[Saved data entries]
(* In the setting of the context, assume in addition that there is $\mathcal{R}>0$ with $\nabla m(x)=0$ whenever $\|x\|\ge\mathcal{R}$. Then with $M=\frac34$ and $R=8L\mathcal{R}$, for all $x,y\in\mathbb{H}$ with $\|x-y\|_\alpha\ge R$, $$\mathbf{1}_{x^l\ne y^l}\Big\langle\frac{x^l-y^l}{\|x^l-y^l\|},b(x)-b(y)\Big\rangle+\mathbf{1}_{x^h\ne y^h}\,\alpha\Big\langle\frac{x^h-y^h}{\|x^h-y^h\|},b(x)-b(y)\Big\rangle\le M\|x-y\|_\alpha .$$
   Context: Let $(\mathbb{H},\langle\cdot,\cdot\rangle,\|\cdot\|)$ be a separable real Hilbert space and $\mathcal{G}$ a trace-class, symmetric, positive definite operator on $\mathbb{H}$. Let $(e_k)_{k\ge1}$ be an orthonormal basis with $\mathcal{G}e_k=\lambda_ke_k$, where $\lambda_k>0$, $\lambda_k\downarrow0$, $\lambda_1=1$, $\sum_k\lambda_k<\infty$. Let $U(x)=\frac a2\|x\|^2+m(x)$ with $a\ge0$, where $m:\mathbb{H}\to\mathbb{R}$ is bounded from below and Fréchet differentiable with $\|\nabla m(x)-\nabla m(y)\|\le L\|x-y\|$ for all $x,y$, for some $L\ge1$. Set $b(x)=-\mathcal{G}\nabla U(x)$. Let $n=\min\{k\in\mathbb{N}_+:\lambda_{k+1}<\frac{1}{2L}\}$, $\mathbb{H}^l=\mathrm{span}\{e_1,\dots,e_n\}$, $\mathbb{H}^h$ its orthogonal complement, $x^l,x^h$ the orthogonal projections, $\alpha=2(1+L)$ and $\|x\|_\alpha=\|x^l\|+\alpha\|x^h\|$. *)

From Stdlib Require Import Reals Lra Classical ClassicalEpsilon.
Open Scope R_scope.

Record HilbertSpace := {
  hcar :> Type;
  hzero : hcar;
  hadd : hcar -> hcar -> hcar;
  hscal : R -> hcar -> hcar;
  hinner : hcar -> hcar -> R;
  hadd_assoc : forall x y z, hadd x (hadd y z) = hadd (hadd x y) z;
  hadd_comm : forall x y, hadd x y = hadd y x;
  hadd_zero : forall x, hadd hzero x = x;
  hadd_opp : forall x, hadd x (hscal (-1) x) = hzero;
  hscal_one : forall x, hscal 1 x = x;
  hscal_assoc : forall a b x, hscal a (hscal b x) = hscal (a * b) x;
  hscal_distr_l : forall a x y, hscal a (hadd x y) = hadd (hscal a x) (hscal a y);
  hscal_distr_r : forall a b x, hscal (a + b) x = hadd (hscal a x) (hscal b x);
  hinner_sym : forall x y, hinner x y = hinner y x;
  hinner_add : forall x y z, hinner (hadd x y) z = hinner x z + hinner y z;
  hinner_scal : forall a x y, hinner (hscal a x) y = a * hinner x y;
  hinner_pos : forall x, 0 <= hinner x x;
  hinner_def : forall x, hinner x x = 0 -> x = hzero;
  hcomplete : forall u : nat -> hcar,
    (forall eps, eps > 0 -> exists N, forall p q, (p >= N)%nat -> (q >= N)%nat ->
        sqrt (hinner (hadd (u p) (hscal (-1) (u q))) (hadd (u p) (hscal (-1) (u q)))) < eps) ->
    exists l, forall eps, eps > 0 -> exists N, forall p, (p >= N)%nat ->
        sqrt (hinner (hadd (u p) (hscal (-1) l)) (hadd (u p) (hscal (-1) l))) < eps
}.

Section Ops.
Variable H : HilbertSpace.

Definition hsub (x y : H) : H := hadd H x (hscal H (-1) y).
Definition hnorm (x : H) : R := sqrt (hinner H x x).

Fixpoint hsumN (f : nat -> H) (N : nat) : H :=
  match N with
  | O => hzero H
  | S N' => hadd H (hsumN f N') (f N')
  end.

Definition hconverges (u : nat -> H) (l : H) : Prop :=
  forall eps, eps > 0 -> exists N, forall p, (p >= N)%nat -> hnorm (hsub (u p) l) < eps.

(** (e_k) (indexed from 0 here, e k = e_{k+1} of the paper) is an orthonormal basis *)
Definition orthonormal_basis (e : nat -> H) : Prop :=
  (forall i j, hinner H (e i) (e j) = if Nat.eq_dec i j then 1 else 0) /\
  (forall x, hconverges (fun N => hsumN (fun k => hscal H (hinner H x (e k)) (e k)) N) x).

(** Frechet differentiability of f with gradient g (Riesz representer of the derivative) *)
Definition frechet_gradient (f : H -> R) (g : H -> H) : Prop :=
  forall x eps, eps > 0 -> exists delta, delta > 0 /\
    forall h, hnorm h < delta ->
      Rabs (f (hadd H x h) - f x - hinner H (g x) h) <= eps * hnorm h.

Definition bounded_linear (G : H -> H) : Prop :=
  (forall x y, G (hadd H x y) = hadd H (G x) (G y)) /\
  (forall c x, G (hscal H c x) = hscal H c (G x)) /\
  (exists C, forall x, hnorm (G x) <= C * hnorm x).

Definition symmetric_op (G : H -> H) : Prop :=
  forall x y, hinner H (G x) y = hinner H x (G y).

Definition positive_definite_op (G : H -> H) : Prop :=
  forall x, x <> hzero H -> hinner H (G x) x > 0.

(** orthogonal projection onto span{e_1,...,e_n} (paper's 1-based indexing),
    i.e. onto span{e 0, ..., e (n-1)} *)
Definition proj_low (e : nat -> H) (n : nat) (x : H) : H :=
  hsumN (fun k => hscal H (hinner H x (e k)) (e k)) n.
Definition proj_high (e : nat -> H) (n : nat) (x : H) : H :=
  hsub x (proj_low e n x).

Definition norm_alpha (e : nat -> H) (n : nat) (alpha : R) (x : H) : R :=
  hnorm (proj_low e n x) + alpha * hnorm (proj_high e n x).

End Ops.

Definition indic (P : Prop) : R :=
  if excluded_middle_informative P then 1 else 0.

- _What you have to do_
The reply should hold only the lines from the top of the records through the line that has "and $\|x\|_\alpha=\|x^l\|+\alpha\|x^h\|$. *)", each one exact.

- _Result for this task_
(* In the setting of the context, assume in addition that there is $\mathcal{R}>0$ with $\nabla m(x)=0$ whenever $\|x\|\ge\mathcal{R}$. Then with $M=\frac34$ and $R=8L\mathcal{R}$, for all $x,y\in\mathbb{H}$ with $\|x-y\|_\alpha\ge R$, $$\mathbf{1}_{x^l\ne y^l}\Big\langle\frac{x^l-y^l}{\|x^l-y^l\|},b(x)-b(y)\Big\rangle+\mathbf{1}_{x^h\ne y^h}\,\alpha\Big\langle\frac{x^h-y^h}{\|x^h-y^h\|},b(x)-b(y)\Big\rangle\le M\|x-y\|_\alpha .$$
   Context: Let $(\mathbb{H},\langle\cdot,\cdot\rangle,\|\cdot\|)$ be a separable real Hilbert space and $\mathcal{G}$ a trace-class, symmetric, positive definite operator on $\mathbb{H}$. Let $(e_k)_{k\ge1}$ be an orthonormal basis with $\mathcal{G}e_k=\lambda_ke_k$, where $\lambda_k>0$, $\lambda_k\downarrow0$, $\lambda_1=1$, $\sum_k\lambda_k<\infty$. Let $U(x)=\frac a2\|x\|^2+m(x)$ with $a\ge0$, where $m:\mathbb{H}\to\mathbb{R}$ is bounded from below and Fréchet differentiable with $\|\nabla m(x)-\nabla m(y)\|\le L\|x-y\|$ for all $x,y$, for some $L\ge1$. Set $b(x)=-\mathcal{G}\nabla U(x)$. Let $n=\min\{k\in\mathbb{N}_+:\lambda_{k+1}<\frac{1}{2L}\}$, $\mathbb{H}^l=\mathrm{span}\{e_1,\dots,e_n\}$, $\mathbb{H}^h$ its orthogonal complement, $x^l,x^h$ the orthogonal projections, $\alpha=2(1+L)$ and $\|x\|_\alpha=\|x^l\|+\alpha\|x^h\|$. *)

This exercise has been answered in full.